>>>
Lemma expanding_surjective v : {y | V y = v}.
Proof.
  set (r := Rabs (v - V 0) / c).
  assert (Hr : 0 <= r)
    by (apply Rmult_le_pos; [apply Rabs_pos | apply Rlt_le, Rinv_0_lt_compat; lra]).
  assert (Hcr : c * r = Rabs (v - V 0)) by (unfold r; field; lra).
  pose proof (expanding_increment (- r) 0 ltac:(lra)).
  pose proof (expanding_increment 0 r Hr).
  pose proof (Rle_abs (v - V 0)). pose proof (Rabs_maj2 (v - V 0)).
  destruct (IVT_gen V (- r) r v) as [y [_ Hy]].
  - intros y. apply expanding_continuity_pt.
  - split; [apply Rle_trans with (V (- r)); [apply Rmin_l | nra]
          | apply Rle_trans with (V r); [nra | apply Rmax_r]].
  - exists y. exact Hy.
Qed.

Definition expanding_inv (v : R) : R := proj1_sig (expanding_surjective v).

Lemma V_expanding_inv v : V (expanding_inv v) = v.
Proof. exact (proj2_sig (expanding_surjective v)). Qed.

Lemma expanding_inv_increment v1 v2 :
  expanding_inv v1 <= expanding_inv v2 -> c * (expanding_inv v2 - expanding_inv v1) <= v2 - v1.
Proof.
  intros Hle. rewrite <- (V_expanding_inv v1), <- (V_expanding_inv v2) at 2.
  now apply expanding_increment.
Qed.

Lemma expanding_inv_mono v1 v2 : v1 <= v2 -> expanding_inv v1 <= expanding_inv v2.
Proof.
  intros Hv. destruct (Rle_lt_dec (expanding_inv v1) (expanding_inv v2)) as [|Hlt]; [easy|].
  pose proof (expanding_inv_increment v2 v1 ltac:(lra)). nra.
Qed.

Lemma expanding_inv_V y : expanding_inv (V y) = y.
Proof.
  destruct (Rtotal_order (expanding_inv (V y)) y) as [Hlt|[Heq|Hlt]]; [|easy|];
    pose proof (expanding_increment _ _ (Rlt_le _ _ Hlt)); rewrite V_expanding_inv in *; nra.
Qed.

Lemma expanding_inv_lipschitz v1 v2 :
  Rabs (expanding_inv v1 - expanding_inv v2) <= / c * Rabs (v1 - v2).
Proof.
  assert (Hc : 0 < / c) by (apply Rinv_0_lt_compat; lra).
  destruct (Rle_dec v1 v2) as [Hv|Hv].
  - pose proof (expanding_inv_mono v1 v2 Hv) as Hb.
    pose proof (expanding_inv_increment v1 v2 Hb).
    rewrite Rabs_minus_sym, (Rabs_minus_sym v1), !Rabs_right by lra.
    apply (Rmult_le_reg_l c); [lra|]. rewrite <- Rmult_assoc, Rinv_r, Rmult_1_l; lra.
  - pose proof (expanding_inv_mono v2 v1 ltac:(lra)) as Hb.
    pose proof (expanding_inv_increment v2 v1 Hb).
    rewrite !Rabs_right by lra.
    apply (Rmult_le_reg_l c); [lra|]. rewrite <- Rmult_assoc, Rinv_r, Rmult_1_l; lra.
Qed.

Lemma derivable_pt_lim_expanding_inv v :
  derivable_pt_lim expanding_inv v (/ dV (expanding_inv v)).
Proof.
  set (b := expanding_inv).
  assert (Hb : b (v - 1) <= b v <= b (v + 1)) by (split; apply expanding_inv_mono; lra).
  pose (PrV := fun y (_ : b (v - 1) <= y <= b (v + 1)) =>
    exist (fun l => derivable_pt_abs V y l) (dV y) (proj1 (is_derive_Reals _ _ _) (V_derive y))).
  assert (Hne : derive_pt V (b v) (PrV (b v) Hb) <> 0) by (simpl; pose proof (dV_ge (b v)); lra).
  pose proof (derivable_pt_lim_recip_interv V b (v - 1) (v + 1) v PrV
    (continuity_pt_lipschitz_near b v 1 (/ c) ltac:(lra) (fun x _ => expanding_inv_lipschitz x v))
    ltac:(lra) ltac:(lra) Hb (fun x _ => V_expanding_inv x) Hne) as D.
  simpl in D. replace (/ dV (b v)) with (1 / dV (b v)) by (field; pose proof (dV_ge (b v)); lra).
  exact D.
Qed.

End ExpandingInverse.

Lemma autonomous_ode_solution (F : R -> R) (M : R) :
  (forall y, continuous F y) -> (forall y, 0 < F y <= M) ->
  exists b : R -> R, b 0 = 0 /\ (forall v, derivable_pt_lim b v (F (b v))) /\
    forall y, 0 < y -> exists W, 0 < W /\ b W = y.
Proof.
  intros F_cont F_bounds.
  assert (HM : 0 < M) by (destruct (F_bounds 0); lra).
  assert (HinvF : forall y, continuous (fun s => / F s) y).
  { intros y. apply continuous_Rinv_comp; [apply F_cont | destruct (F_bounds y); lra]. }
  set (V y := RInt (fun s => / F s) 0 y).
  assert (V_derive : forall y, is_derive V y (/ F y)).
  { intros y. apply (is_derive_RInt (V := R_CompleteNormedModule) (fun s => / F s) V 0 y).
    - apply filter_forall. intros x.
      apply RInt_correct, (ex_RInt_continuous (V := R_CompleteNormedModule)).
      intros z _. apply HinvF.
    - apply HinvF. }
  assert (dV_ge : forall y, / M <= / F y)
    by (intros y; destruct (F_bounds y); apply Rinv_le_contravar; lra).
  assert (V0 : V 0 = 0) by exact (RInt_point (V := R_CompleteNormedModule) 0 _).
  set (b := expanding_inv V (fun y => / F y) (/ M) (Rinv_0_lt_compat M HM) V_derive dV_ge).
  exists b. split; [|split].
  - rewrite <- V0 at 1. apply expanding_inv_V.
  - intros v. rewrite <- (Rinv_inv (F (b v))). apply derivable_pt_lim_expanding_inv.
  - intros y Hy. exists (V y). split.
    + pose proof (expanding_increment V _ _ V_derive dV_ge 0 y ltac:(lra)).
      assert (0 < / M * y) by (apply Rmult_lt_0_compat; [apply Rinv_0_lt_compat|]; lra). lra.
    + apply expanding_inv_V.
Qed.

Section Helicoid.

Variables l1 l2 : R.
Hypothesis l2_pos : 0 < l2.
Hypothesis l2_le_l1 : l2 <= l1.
<<<
## WORK TASK
Repeat exactly the lines that run from the opening of the listing through the line holding "destruct (IVT_gen V". Leave out everything else.

## TASK SOLUTION
Lemma expanding_surjective v : {y | V y = v}.
Proof.
  set (r := Rabs (v - V 0) / c).
  assert (Hr : 0 <= r)
    by (apply Rmult_le_pos; [apply Rabs_pos | apply Rlt_le, Rinv_0_lt_compat; lra]).
  assert (Hcr : c * r = Rabs (v - V 0)) by (unfold r; field; lra).
  pose proof (expanding_increment (- r) 0 ltac:(lra)).
  pose proof (expanding_increment 0 r Hr).
  pose proof (Rle_abs (v - V 0)). pose proof (Rabs_maj2 (v - V 0)).
  destruct (IVT_gen V (- r) r v) as [y [_ Hy]].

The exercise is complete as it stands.